It would be dishonest for me to say that I completely ‘unlearned’ bounce back expectations. I tried!

But those concepts are deeply ingrained in my brain. Due to having an eating disorder in my teens, I haven’t weighed myself in 20 years–and I’m firm about that, even at the doctor’s office. (If they want a number, then they weigh me with my eyes closed.)

Instead, I monitor muscle tone, how my clothes fit, flexibility, and stamina.

And I make damn sure my daughter never hears me saying negative things about my body!

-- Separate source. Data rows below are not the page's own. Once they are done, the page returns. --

(* Let $\mathbb{P}(1:3:5)=\mathrm{Proj}\,\mathbb{C}[\mathfrak{A},\mathfrak{B},\mathfrak{C}]$ (weights $1,3,5$) and $\mathbb{P}(2:3:5:6)=\mathrm{Proj}\,\mathbb{C}[\alpha,\beta,\gamma,\delta]$ (weights $2,3,5,6$). A point $(\alpha:\beta:\gamma:\delta)\in\mathbb{P}(2:3:5:6)$ satisfies the modular equation $$(-\alpha^3-\beta^2+\delta)^2-4\alpha(\alpha\beta-\gamma)^2=0$$ if and only if it lies in the image of the embedding $\Psi_5:\mathbb{P}(1:3:5)\to\mathbb{P}(2:3:5:6)$ given by $$(\mathfrak{A}:\mathfrak{B}:\mathfrak{C})\mapsto\Big(\tfrac{25}{36}\mathfrak{A}^2:\ \tfrac12\big(-\tfrac{125}{108}\mathfrak{A}^3+\tfrac54\mathfrak{B}\big):\ \tfrac1{32}\mathfrak{C}:\ \tfrac{25}{64}\mathfrak{B}^2-\tfrac5{96}\mathfrak{A}\mathfrak{C}\Big).$$
   Context: Here $\mathfrak{A},\mathfrak{B},\mathfrak{C}$ are coordinates (coming from Klein's icosahedral invariants) on the weighted projective plane $\mathbb{P}(1:3:5)$, which is the compactification (by one cusp $(1:0:0)$) of the symmetric Hilbert modular surface for $\mathbb{Q}(\sqrt5)$. The point $(\alpha:\beta:\gamma:\delta)$ parametrizes the elliptic K3 surface $y^2=x^3+(-3\alpha t^4-\gamma t^5)x+(t^5-2\beta t^6+\delta t^7)$; the given modular equation is the condition for this surface to admit an extra section making its Néron–Severi lattice $E_8(-1)\oplus E_8(-1)\oplus\begin{pmatrix}2&1\\1&-2\end{pmatrix}$. *)

(* The complex numbers are modelled as R[i] = complex R for
   an arbitrary R : realType (any realType is the real field). *)
From HB Require Import structures.
From mathcomp Require Import all_boot all_order all_algebra.
From mathcomp Require Import complex.
From mathcomp Require Import reals.
Set Implicit Arguments. Unset Strict Implicit. Unset Printing Implicit Defensive.
Import Order.TTheory GRing.Theory Num.Theory.
Local Open Scope ring_scope.

Section Defs.
Variable R : realType.
Local Notation C := (R[i]).

(* A representative (a,b,c,d) in C^4 \ {0} of a point of P(2:3:5:6). *)
Definition nonzero4 (a b c d : C) : Prop :=
  ~ (a = 0 /\ b = 0 /\ c = 0 /\ d = 0).

(* A representative (A,B,C) in C^3 \ {0} of a point of P(1:3:5). *)
Definition nonzero3 (A B C' : C) : Prop :=
  ~ (A = 0 /\ B = 0 /\ C' = 0).

Definition wequiv2356 (a b c d a' b' c' d' : C) : Prop :=
  exists2 l : C, l != 0 &
    [/\ a' = l ^+ 2 * a, b' = l ^+ 3 * b, c' = l ^+ 5 * c & d' = l ^+ 6 * d].

Definition modular_eq (a b c d : C) : C :=
  (- a ^+ 3 - b ^+ 2 + d) ^+ 2 - 4%:R * a * (a * b - c) ^+ 2.

Definition Psi5_1 (A B C' : C) : C := (25%:R / 36%:R) * A ^+ 2.
Definition Psi5_2 (A B C' : C) : C :=
  (1 / 2%:R) * (- (125%:R / 108%:R) * A ^+ 3 + (5%:R / 4%:R) * B).
Definition Psi5_3 (A B C' : C) : C := (1 / 32%:R) * C'.
Definition Psi5_4 (A B C' : C) : C :=
  (25%:R / 64%:R) * B ^+ 2 - (5%:R / 96%:R) * A * C'.

Definition in_image_Psi5 (a b c d : C) : Prop :=
  exists A B C' : C, nonzero3 A B C' /\
    wequiv2356 (Psi5_1 A B C') (Psi5_2 A B C') (Psi5_3 A B C') (Psi5_4 A B C')
               a b c d.
End Defs.

From HB Require Import structures.
From mathcomp Require Import all_boot all_order all_algebra.
From mathcomp Require Import complex.
From mathcomp Require Import reals.
From mathcomp Require Import ring.
Import Order.TTheory GRing.Theory Num.Theory.
Local Open Scope ring_scope.

(* With u = -a^3 - b^2 + d and v = ab - c, the modular equation reads
   u^2 = 4 a v^2; for a square root t of a it factors as (u - 2tv)(u + 2tv).
   The map Psi_5 parametrizes exactly the representatives with a = t^2 and
   u = 2tv, where t = 5A/6: conversely, given such a t (and any zero of the
   modular equation has one, after choosing the sign of the square root),
   A, B, C are recovered linearly from t, b, c, and d is then forced by
   u = 2tv.  Weighted homogeneity of degree 12 makes the equation independent
   of the representative. *)

Section ModularEquation.
Context {R : realType}.
Local Notation C := R[i].

Lemma modular_eq_homog (l a b c d : C) :
  modular_eq (l ^+ 2 * a) (l ^+ 3 * b) (l ^+ 5 * c) (l ^+ 6 * d)
  = l ^+ 12 * modular_eq a b c d.
Proof. by rewrite /modular_eq; ring. Qed.

Lemma modular_eq_factor {t a : C} (b c d : C) : t ^+ 2 = a ->
  modular_eq a b c d =
  (- a ^+ 3 - b ^+ 2 + d - 2%:R * t * (a * b - c)) *
  (- a ^+ 3 - b ^+ 2 + d + 2%:R * t * (a * b - c)).
Proof. by move=> <-; rewrite /modular_eq; ring. Qed.

Lemma modular_eq0_root (a b c d : C) :
  modular_eq a b c d = 0 ->
  exists2 t : C, t ^+ 2 = a & - a ^+ 3 - b ^+ 2 + d = 2%:R * t * (a * b - c).
Proof.
rewrite (modular_eq_factor b c d (sqrtCK a)) => /eqP; rewrite mulf_eq0.
case/orP=> /eqP factor0.
- by exists (sqrtC a); rewrite ?sqrtCK //; apply/eqP; rewrite -subr_eq0 factor0.
- exists (- sqrtC a); first by rewrite sqrrN sqrtCK.
  by apply/eqP; rewrite -subr_eq0 -factor0; apply/eqP; ring.
Qed.

Lemma Psi5_root (A B C' : C) :
  let t := 5%:R / 6%:R * A in
  t ^+ 2 = Psi5_1 A B C' /\
  - Psi5_1 A B C' ^+ 3 - Psi5_2 A B C' ^+ 2 + Psi5_4 A B C'
  = 2%:R * t * (Psi5_1 A B C' * Psi5_2 A B C' - Psi5_3 A B C').
Proof.
by rewrite /Psi5_1 /Psi5_2 /Psi5_3 /Psi5_4; split; field; rewrite ?pnatr_eq0.
Qed.

Lemma modular_eq_Psi5 (A B C' : C) :
  modular_eq (Psi5_1 A B C') (Psi5_2 A B C') (Psi5_3 A B C') (Psi5_4 A B C') = 0.
Proof.
have [square_t branch] := Psi5_root A B C'.
by rewrite (modular_eq_factor _ _ _ square_t) branch subrr mul0r.
Qed.

Lemma Psi5_preimage {t a b c d : C} :
  t ^+ 2 = a -> - a ^+ 3 - b ^+ 2 + d = 2%:R * t * (a * b - c) ->
  exists A B C' : C,
    [/\ a = Psi5_1 A B C', b = Psi5_2 A B C', c = Psi5_3 A B C'
      & d = Psi5_4 A B C'].
Proof.
move=> <- branch.
pose A := 6%:R / 5%:R * t.
pose B := 4%:R / 5%:R * (2%:R * b + 125%:R / 108%:R * A ^+ 3).
exists A, B, (32%:R * c).
have d_eq : d = 2%:R * t * (t ^+ 2 * b - c) + (t ^+ 2) ^+ 3 + b ^+ 2.
  by rewrite -branch; ring.
rewrite d_eq /Psi5_1 /Psi5_2 /Psi5_3 /Psi5_4 /B /A.
by split; field; rewrite ?pnatr_eq0.
Qed.

Lemma Psi5_000 :
  [/\ Psi5_1 0 0 0 = 0 :> C, Psi5_2 0 0 0 = 0 :> C,
      Psi5_3 0 0 0 = 0 :> C & Psi5_4 0 0 0 = 0 :> C].
Proof. by rewrite /Psi5_1 /Psi5_2 /Psi5_3 /Psi5_4; split; ring. Qed.

End ModularEquation.

Theorem mainTheorem1 (R : realType) (a b c d : R[i]) :
  nonzero4 a b c d ->
  (modular_eq a b c d = 0 <-> in_image_Psi5 a b c d).
Proof.
move=> nz; split.
- case/modular_eq0_root=> t square_t branch.
  have [A [B [C' [ea eb ec ed]]]] := Psi5_preimage square_t branch.
  exists A, B, C'; split.
  + move=> [A0 [B0 C0]]; apply: nz.
    by have [] := Psi5_000 (R := R); rewrite ea eb ec ed A0 B0 C0 => -> -> -> ->.
  + by exists 1; rewrite ?oner_neq0 // !expr1n !mul1r.
- case=> A [B [C' [_ [l _ [-> -> -> ->]]]]].
  by rewrite modular_eq_homog modular_eq_Psi5 mulr0.
Qed.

Only praise like “wow I was able to run up the stairs so fast!” or “my shoulder muscles look great today!”

Can you talk about your experience with lymphedema—how did it affect how you saw and treated your body in postpartum?

Lymphedema was a major consideration for me not to have my own children. One: the risk of further damaging my lymphatic system (which did happen, due to the emergency c-section) and thus more physical deformity.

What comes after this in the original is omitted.